As I mentioned last time, adopting older kids (generally) means getting kids who are in the foster care system. This, in turn, means that your first step to adoption is becoming a foster parent. Why? Because even though it takes a while to become a foster pasrent (as described below), the process of sending a kid from one foster home to another is much faster than transitioning from a foster home to an adoptive placement—which can take months, if not years.
There’s a lot of legal mumbo-jumbo involved, but the bottom line is it bought me an extra 10 months with my kids—so I’ll take it.
So what does this have to do with training? Everything. If I had decided to adopt a kid outright—whether a $10,000 infant or my neighbor’s son—the law would require me to have this much training: none. This might ring a bell for anyone who has birthed a child biologically: zero training required. Apparently, when a kid is yours, you can feed them Cheetos 24/7 and have them sleep on the roof, and no one minds much.
Being a foster parent? In California at least, 40 hours of mandatory training, folks. Forty hours, lots and lots of rules and reqs: all meds must be locked up, kids need separate bedroom with door, etc. Apparently foster children are much more prone to trouble—and sleepwalking—than their biological or adopted counterparts.

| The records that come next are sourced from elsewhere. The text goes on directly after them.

(* Let $n\ge1$, and for $j=1,\dots,n$ let $\hat\phi_j\in\mathbb{R}$, $\tilde\phi_j\ge 0$ and $0\le\underline{\xi}_j\le\overline{\xi}_j$. For $\mathbf{x}\in\mathbb{R}^n$, $\mathbf{x}\succeq\mathbf{0}$, define the worst-case squared position error bound $$\mathcal{P}_{\mathrm R}(\mathbf{x})=\max_{\substack{\phi_j\in[\hat\phi_j-\tilde\phi_j,\,\hat\phi_j+\tilde\phi_j]\\ \xi_j\in[\underline\xi_j,\,\overline\xi_j]}}\operatorname{tr}\Big\{\Big(\sum_{j=1}^n x_j\xi_j\mathbf{u}(\phi_j)\mathbf{u}(\phi_j)^{\mathsf T}\Big)^{-1}\Big\}$$ (the trace being $+\infty$ when the matrix is singular), let $\underline{\mathbf{R}}=\operatorname{diag}\{\underline\xi_1,\dots,\underline\xi_n\}$ and $B(\mathbf{x})=\tfrac14\,\mathcal{P}_{\mathrm R}(\mathbf{x})\cdot\mathbf{1}^{\mathsf T}\underline{\mathbf{R}}\mathbf{x}$. For a positive integer $M$, let $\vartheta_m=(2m+1)\pi/M$ for $m\in\mathcal{M}=\{0,1,\dots,M-1\}$, and let $\mathbf{h}_m,\mathbf{g}_m\in\mathbb{R}^n$ have $j$th entries $$[\mathbf{h}_m]_j=\max_{|\epsilon|\le2\tilde\phi_j}\cos(2\hat\phi_j-\vartheta_m+\epsilon),\qquad [\mathbf{g}_m]_j=\frac{[\mathbf{h}_m]_j}{\cos(\pi/M)}.$$ Define $$\underline{\mathcal{P}}_M(\mathbf{x})=\max_{m\in\mathcal{M}}\frac{4\cdot\mathbf{1}^{\mathsf T}\underline{\mathbf{R}}\mathbf{x}}{(\mathbf{1}^{\mathsf T}\underline{\mathbf{R}}\mathbf{x})^2-(\mathbf{h}_m^{\mathsf T}\underline{\mathbf{R}}\mathbf{x})^2},\qquad \overline{\mathcal{P}}_M(\mathbf{x})=\max_{m\in\mathcal{M}}\frac{4\cdot\mathbf{1}^{\mathsf T}\underline{\mathbf{R}}\mathbf{x}}{(\mathbf{1}^{\mathsf T}\underline{\mathbf{R}}\mathbf{x})^2-(\mathbf{g}_m^{\mathsf T}\underline{\mathbf{R}}\mathbf{x})^2}.$$ Then for any $\mathbf{x}\succeq\mathbf{0}$ with $\mathcal{P}_{\mathrm R}(\mathbf{x})<\infty$ and any $M\ge\pi\sqrt{B(\mathbf{x})}$, we have $\underline{\mathcal{P}}_M(\mathbf{x})\le\mathcal{P}_{\mathrm R}(\mathbf{x})\le\overline{\mathcal{P}}_M(\mathbf{x})$.
   Context: $\mathbf{u}(\phi)=[\cos\phi\ \ \sin\phi]^{\mathsf T}$; $\mathbf{1}$ is the all-ones vector; $\mathbf{x}\succeq\mathbf{0}$ means entrywise nonnegative. This models one agent (with one uncertainty cell) in a wireless localization network with $n$ anchors: $\phi_j$ is the agent–anchor angle known to lie in $[\hat\phi_j-\tilde\phi_j,\hat\phi_j+\tilde\phi_j]$, $\xi_j$ the equivalent ranging coefficient known to lie in $[\underline\xi_j,\overline\xi_j]$, and $\mathbf{x}$ the anchor transmit power vector. *)

From HB Require Import structures.
From mathcomp Require Import all_boot all_order all_algebra.
From mathcomp Require Import all_classical all_reals all_analysis.
Set Implicit Arguments. Unset Strict Implicit. Unset Printing Implicit Defensive.
Import Order.TTheory GRing.Theory Num.Theory.
Local Open Scope classical_set_scope.
Local Open Scope ring_scope.

Section Defs.
Variable R : realType.

Definition uvec (phi : R) : 'cV[R]_2 :=
  \col_(i < 2) (if i == ord0 then cos phi else sin phi).

Definition EFIM (n : nat) (x phi xi : 'I_n -> R) : 'M[R]_2 :=
  \sum_(j < n) (x j * xi j) *: (uvec (phi j) *m (uvec (phi j))^T).

Definition trinv (J : 'M[R]_2) : \bar R :=
  if J \in unitmx then (\tr (invmx J))%:E else +oo%E.

Definition PR (n : nat) (phihat phitil xilo xihi x : 'I_n -> R) : \bar R :=
  ereal_sup [set t | exists (phi xi : 'I_n -> R),
     (forall j, phihat j - phitil j <= phi j <= phihat j + phitil j) /\
     (forall j, xilo j <= xi j <= xihi j) /\
     t = trinv (EFIM x phi xi)].

Definition oneRx (n : nat) (xilo x : 'I_n -> R) : R := \sum_(j < n) xilo j * x j.

(* B(x) = 1/4 P_R(x) 1^T Rlow x  (P_R(x) finite) *)
Definition Bx (n : nat) (phihat phitil xilo xihi x : 'I_n -> R) : R :=
  4^-1 * fine (PR phihat phitil xilo xihi x) * oneRx xilo x.

Definition vartheta (M m : nat) : R := (2 * m + 1)%:R * pi / M%:R.

Definition hm (n M m : nat) (phihat phitil : 'I_n -> R) (j : 'I_n) : R :=
  sup [set cos (2 * phihat j - vartheta M m + eps) | eps in [set eps : R | `|eps| <= 2 * phitil j]].

Definition gm (n M m : nat) (phihat phitil : 'I_n -> R) (j : 'I_n) : R :=
  hm M m phihat phitil j / cos (pi / M%:R).

Definition Pterm (n : nat) (xilo x v : 'I_n -> R) : R :=
  4 * oneRx xilo x / (oneRx xilo x ^+ 2 - (\sum_(j < n) v j * xilo j * x j) ^+ 2).

Definition Plow (n M : nat) (phihat phitil xilo x : 'I_n -> R) : \bar R :=
  \big[Order.max/-oo%E]_(m < M) (Pterm xilo x (hm M m phihat phitil))%:E.

Definition Pup (n M : nat) (phihat phitil xilo x : 'I_n -> R) : \bar R :=
  \big[Order.max/-oo%E]_(m < M) (Pterm xilo x (gm M m phihat phitil))%:E.

End Defs.

From HB Require Import structures.
From mathcomp Require Import all_boot all_order all_algebra.
From mathcomp Require Import all_classical all_reals all_analysis.
From mathcomp Require Import ring lra.
Import Order.TTheory GRing.Theory Num.Theory numFieldNormedType.Exports.
Set Implicit Arguments. Unset Strict Implicit. Unset Printing Implicit Defensive.
Local Open Scope classical_set_scope.
Local Open Scope ring_scope.

(* With weights [w j = x j * xi j], the EFIM has trace [S = \sum_j w j] and
   [4 * det = S^2 - |Z|^2], where [Z = \sum_j w j * exp (2 i phi j)]; hence
   [tr EFIM^-1 = 4 S / (S^2 - |Z|^2)].  This decreases when any [xi j] grows, so
   the worst case has [xi = xilo] and maximizes [|Z|] over the box of angles.
   The maximum over the box of the projection of [Z] on the direction
   [vartheta_m] is [h_m^T R x], which gives the lower bound.  Conversely [Z] is
   within angle [pi / M] of some [vartheta_m], so [|Z| cos (pi / M) <= h_m^T R x];
   the condition [M >= pi sqrt B] forces [g_m^T R x < 1^T R x], which makes the
   matching term of the upper bound finite and larger than [4 S / (S^2 - |Z|^2)]. *)

Lemma det_mx2 (R : comNzRingType) (A : 'M[R]_2) :
  \det A = A 0 0 * A 1 1 - A 0 1 * A 1 0.
Proof.
rewrite (expand_det_row _ 0) !big_ord_recl big_ord0 /cofactor !det_mx11 !mxE /=.
have -> : lift (0 : 'I_2) (0 : 'I_1) = 1 by apply/val_inj.
have -> : lift (1 : 'I_2) (0 : 'I_1) = 0 by apply/val_inj.
by rewrite expr0 expr1 mul1r mulN1r mulrN addr0.
Qed.

Lemma mxtrace_adj_mx2 (R : comNzRingType) (A : 'M[R]_2) :
  \tr (\adj A) = A 0 0 + A 1 1.
Proof.
rewrite /mxtrace !big_ord_recl big_ord0 !mxE /cofactor !det_mx11 !mxE /=.
have -> : lift (0 : 'I_2) (0 : 'I_1) = 1 by apply/val_inj.
have -> : lift (1 : 'I_2) (0 : 'I_1) = 0 by apply/val_inj.
by rewrite /bump /= !addn0 expr0 sqrrN expr1n !mul1r addr0 addrC.
Qed.

Section Trigonometry.
Variable R : realType.

Lemma ler_norm_sin (u : R) : `|sin u| <= `|u|.
Proof.
have sin_le (s : R) : 0 <= s -> `|sin s| <= s.
  move=> s0; have [c _] : exists2 c, c \in `[0, s]%R & sin s - sin 0 = cos c * (s - 0).
    by apply: MVT_segment => //; apply/continuous_subspaceT => e; exact: continuous_sin.
  by rewrite sin0 !subr0 => ->; rewrite normrM (ger0_norm s0) ler_piMl // cos_max.
have [u0|u0] := leP 0 u; first by rewrite (ger0_norm u0) sin_le.
by rewrite (ltr0_norm u0) -[sin u]opprK -sinN normrN sin_le // oppr_ge0 ltW.
Qed.

Lemma cos_ge_1_halfsqr (t : R) : 1 - t ^+ 2 / 2 <= cos t.
Proof.
have -> : t = (t / 2) *+ 2 by rewrite -mulr_natr divfK // pnatr_eq0.
rewrite cos_mulr2n cos2sin2.
have : sin (t / 2) ^+ 2 <= (t / 2) ^+ 2.
  rewrite -real_normK ?num_real // -[(t / 2) ^+ 2]real_normK ?num_real //.
  by rewrite ler_sqr ?nnegrE // ler_norm_sin.
move=> h; rewrite -mulr_natr; nra.
Qed.

Lemma sqr_cos_sin_comb_le (a b v : R) :
  (a * cos v + b * sin v) ^+ 2 <= a ^+ 2 + b ^+ 2.
Proof.
have := cos2Dsin2 v; have := sqr_ge0 (a * sin v - b * cos v); nra.
Qed.

Lemma polar_coords (a b : R) : 0 < a ^+ 2 + b ^+ 2 ->
  let r := Num.sqrt (a ^+ 2 + b ^+ 2) in
  exists2 th, 0 <= th < pi *+ 2 & a = r * cos th /\ b = r * sin th.
Proof.
move=> q0 r; have r0 : 0 < r by rewrite sqrtr_gt0.
have r2 : r ^+ 2 = a ^+ 2 + b ^+ 2 by rewrite sqr_sqrtr // ltW.
set c := a / r.
have ac : a = r * c by rewrite /c mulrC divfK // gt_eqF.
have c1 : -1 <= c <= 1.
  rewrite -ler_norml -(ler_pM2l r0) -(ger0_norm (ltW r0)) -normrM -ac mulr1.
  by rewrite (ger0_norm (ltW r0)) -sqrtr_sqr ler_sqrt ?addr_ge0 ?sqr_ge0 // lerDl sqr_ge0.
set t := acos c.
have ct : cos t = c by rewrite /t acosK // in_itv.
have st : r * sin t = `|b|.
  rewrite /t sin_acos // -(ger0_norm (ltW r0)) -sqrtr_sqr -sqrtrM ?sqr_ge0 //.
  by rewrite mulrBr mulr1 -exprMn -ac r2 addrC addKr sqrtr_sqr.
have /andP[t0 tpi] : 0 <= t <= pi by rewrite acos_ge0 // acos_lepi.
have pi0 := pi_gt0 R.
have [b0|b0] := leP 0 b.
  exists t; first by rewrite t0 mulr2n; lra.
  by rewrite ct -ac st ger0_norm.
exists (pi *+ 2 - t).
  have : 0 < t.
    rewrite lt_neqAle t0 andbT; apply/eqP => tz.
    by move: st; rewrite -tz sin0 mulr0 => /esym/normr0_eq0 bz; rewrite bz in b0; lra.
  by rewrite mulr2n; lra.
rewrite cosB sinB cos2pi sin2pi ct !mul1r !mul0r addr0 sub0r mulrN st.
by rewrite ltr0_norm // opprK -ac.
Qed.

Lemma exists_vartheta_close (M : nat) (a b : R) : (0 < M)%N ->
  exists2 m, (m < M)%N &
  Num.sqrt (a ^+ 2 + b ^+ 2) * cos (pi / M%:R) <=
  a * cos (vartheta R M m) + b * sin (vartheta R M m).
Proof.
move=> M0.
have [qp|qz] := ltP 0 (a ^+ 2 + b ^+ 2); last first.
  have az : a = 0 by apply/eqP; rewrite -sqrf_eq0; apply/eqP; nra.
  have bz : b = 0 by apply/eqP; rewrite -sqrf_eq0; apply/eqP; nra.
  by exists 0%N => //; rewrite az bz expr0n /= add0r sqrtr0 !mul0r add0r.
have [th /andP[th0 th2] [ea eb]] := polar_coords qp.
set r := Num.sqrt _ in ea eb *.
set K : R := M%:R.
have K1 : 1 <= K by rewrite /K ler1n.
have pi0 := pi_gt0 R.
have p2 : 0 < pi *+ 2 :> R by rewrite pmulrn_lgt0.
(* m is the index of the sector of width 2 pi / M containing th *)
set y := th * K / (pi *+ 2).
have y0 : 0 <= y by rewrite /y divr_ge0 // ?mulr_ge0 // ltW.
have /andP[hy1 hy2] := truncn_itv y0.
set m := Num.truncn y in hy1 hy2.
have hP1 : m%:R * (pi *+ 2) <= th * K by rewrite -ler_pdivlMr.
have hP2 : th * K < (m%:R + 1) * (pi *+ 2).
  by rewrite -ltr_pdivrMr //; move: hy2; rewrite -natr1.
have mM : (m < M)%N.
  rewrite -(ltr_nat R) -/K -(ltr_pM2r p2).
  by apply: le_lt_trans hP1 _; rewrite mulrC ltr_pM2l //; lra.
exists m => //.
set v := vartheta R M m.
have Kv : K * v = (2 * m%:R + 1) * pi.
  by rewrite /v /vartheta -/K natrD natrM; field; rewrite /K pnatr_eq0 -lt0n.
have dab : `|th - v| <= pi / K.
  have Kp : 0 < K by lra.
  rewrite ler_pdivlMr // -(ger0_norm (ltW Kp)) -normrM mulrBl ler_norml.
  rewrite [v * K]mulrC Kv; rewrite mulr2n in hP1 hP2; apply/andP; split; nra.
have -> : a * cos v + b * sin v = r * cos (th - v) by rewrite cosB ea eb; ring.
apply: ler_wpM2l; first exact: sqrtr_ge0.
have piK : pi / K <= pi by rewrite ler_pdivrMr; [nra|lra].
have d_itv : `|th - v| \in `[0, pi] by rewrite in_itv /= normr_ge0 (le_trans dab).
have piK_itv : pi / K \in `[0, pi] by rewrite in_itv /= piK andbT divr_ge0 //; lra.
by rewrite -[cos (th - v)]cos_norm leNgt ltr_cos // -leNgt.
Qed.

End Trigonometry.

Lemma ler_wpdiv2l (R : numFieldType) (c A B : R) :
  0 <= c -> 0 < B -> B <= A -> c / A <= c / B.
Proof.
move=> c0 B0 BA; apply: ler_wpM2l => //.
by rewrite lef_pV2 ?posrE // (lt_le_trans B0).
Qed.

Lemma disc_add_ineq (R : realFieldType) (S X Y T U V : R) :
  0 <= S -> 0 <= T -> U ^+ 2 + V ^+ 2 <= T ^+ 2 ->
  (S + T) * (S ^+ 2 - X ^+ 2 - Y ^+ 2) <= S * ((S + T) ^+ 2 - (X + U) ^+ 2 - (Y + V) ^+ 2).
Proof.
move=> S0 T0 UV.
have cross : 2 * S * (X * U + Y * V) <= T * (S ^+ 2 + X ^+ 2 + Y ^+ 2).
  have [Tp|Tz] := ltP 0 T; last first.
    have T00 : T = 0 by apply/le_anti; rewrite T0 Tz.
    rewrite T00 expr0n /= in UV; rewrite T00.
    have -> : U = 0 by nra.
    have -> : V = 0 by nra.
    lra.
  rewrite -(ler_pM2l Tp).
  have : S ^+ 2 * (U ^+ 2 + V ^+ 2) <= S ^+ 2 * T ^+ 2 by rewrite ler_wpM2l ?sqr_ge0.
  have := sqr_ge0 (T * X - S * U); have := sqr_ge0 (T * Y - S * V); nra.
have : S * (U ^+ 2 + V ^+ 2) <= S * T ^+ 2 by exact: ler_wpM2l.
nra.
Qed.

Section Moments.
Variables (R : realType) (n : nat).
Implicit Types (w d phi : 'I_n -> R).

(* For [w j = x j * xi j], [cmom] and [smom] encode the traceless part of
   [EFIM x phi xi], [4 * \det (EFIM x phi xi) = disc w phi] and
   [peb w phi = \tr (invmx (EFIM x phi xi))]. *)
Definition mass w := \sum_j w j.
Definition cmom w phi := \sum_j w j * cos (2 * phi j).
Definition smom w phi := \sum_j w j * sin (2 * phi j).
Definition disc w phi := mass w ^+ 2 - cmom w phi ^+ 2 - smom w phi ^+ 2.
Definition peb w phi := 4 * mass w / disc w phi.

Lemma EFIM_E (x phi xi : 'I_n -> R) i k :
  EFIM x phi xi i k = \sum_j x j * xi j * (uvec (phi j) i 0 * uvec (phi j) k 0).
Proof. by rewrite /EFIM summxE; apply: eq_bigr => j _; rewrite !mxE big_ord1 !mxE. Qed.

Lemma trinv_EFIM (x phi xi : 'I_n -> R) (w := fun j => x j * xi j) :
  trinv (EFIM x phi xi) =
  if disc w phi == 0 then +oo%E else (peb w phi)%:E.
Proof.
set J := EFIM x phi xi.
have J00 : J 0 0 = \sum_j w j * cos (phi j) ^+ 2.
  by rewrite /J EFIM_E; apply: eq_bigr => j _; rewrite /w !mxE /= expr2.
have J11 : J 1 1 = \sum_j w j * sin (phi j) ^+ 2.
  by rewrite /J EFIM_E; apply: eq_bigr => j _; rewrite /w !mxE /= expr2.
have J01 : J 0 1 = \sum_j w j * (cos (phi j) * sin (phi j)).
  by rewrite /J EFIM_E; apply: eq_bigr => j _; rewrite /w !mxE.
have J10 : J 1 0 = J 0 1.
  by rewrite J01 /J EFIM_E; apply: eq_bigr => j _; rewrite !mxE /= [sin _ * _]mulrC.
have mass_tr : mass w = J 0 0 + J 1 1.
  rewrite J00 J11 -big_split /=; apply: eq_bigr => j _.
  by rewrite -mulrDr cos2Dsin2 mulr1.
have cmomE : cmom w phi = J 0 0 - J 1 1.
  rewrite J00 J11 -sumrB; apply: eq_bigr => j _.
  by rewrite mulr_natl mulr2n cosD -mulrBr !expr2.
have smomE : smom w phi = 2 * J 0 1.
  rewrite J01 mulr_sumr; apply: eq_bigr => j _.
  by rewrite mulr_natl mulr2n sinD; ring.
have disc_det : disc w phi = 4 * \det J.
  by rewrite /disc det_mx2 mass_tr cmomE smomE J10; ring.
rewrite /trinv unitmxE unitfE disc_det mulf_eq0 pnatr_eq0 /=.
case: ifPn => [detJ|]; last by rewrite negbK => ->.
rewrite (negPf detJ) /invmx unitmxE unitfE detJ mxtraceZ mxtrace_adj_mx2 /peb mass_tr disc_det.
by congr (_%:E); field.
Qed.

I signed up for AASK training in January 2002, which started in March. The trainings were either twice a week for 8 weeks, or four weekends in a row, or something like that—I don’t really remember. I do remember I was the only the only prospective parent there who was both single and gay. In retrospect, I have to laugh at myself for being surprised at how many couples were in the room—being nestled in my alterna-bubble, I honestly forget that most people who consider having children are in couples, and most include one woman and one man. There are a lot of straight parents in the world! There were, however, one or two single women, and last but not least the couple who became my next heroes: Jim and Chris (as in Christopher, not Christine).
In training, one of the first things you learn is the definition of a “special needs” child. This includes, believe it or not, a child with a diagnosed “special need” such as a physical, emotional, or developmental disability. However, again at least in California, it also includes the following:
- Any child over two
- Any child who is not white
- Any siblings
So, yeah: You could fost-adopt a future president of the United States, and if he or she is three, or Latino, or has a sister, that child is special needs. I actually hit the trifecta: My kids were both over two, and not white, and part of a sibling set. Yahtzee! The good news is, the county gives you a monthly stipend for these “special” kids, up to age 18. The bad news is … really?
Anyway, other things you learn in training include the following:
- How to discipline
- How not to discipline
- All the attachment disorders you can expect to see
- How there’s a good chance you won’t see these disorders until your kid hits puberty
- The honeymoon
- How not to be fooled by the honeymoon
- What to do when the honeymoon ends—probably much sooner and more abruptly than seems reasonable
- The home study
- What you are required to have in your house
- What you are not allowed to have in your house
- How you will be interviewed and analyzed in a way that puts the NSA to shame
- How you will discover your own attachment issues and probably cry about them
And the most important thing you learn: How you need to build a support group. Folks who will step in and take over when you are absolutely sure you are going to go crazy/postal/on a one-way flight to anywhere. The trainers couldn’t emphasize this enough, yet it turns out they didn’t emphasize it enough. My own thought, years later, is that no one should be allowed to adopt unless you can show the agency/county the names of 20 people who agree to step in at times of need—and then the agency/county needs to meet with all of these people and get their agreement in writing, including alternate contact phone numbers. Six or 10 or 15 is not enough—it’s amazing how your friends can all seem to have weekend plans at the same time, and how, after they spend one night with your kids, their social lives all seemed to spike dramatically.
Not that I’m speaking from experience or anything.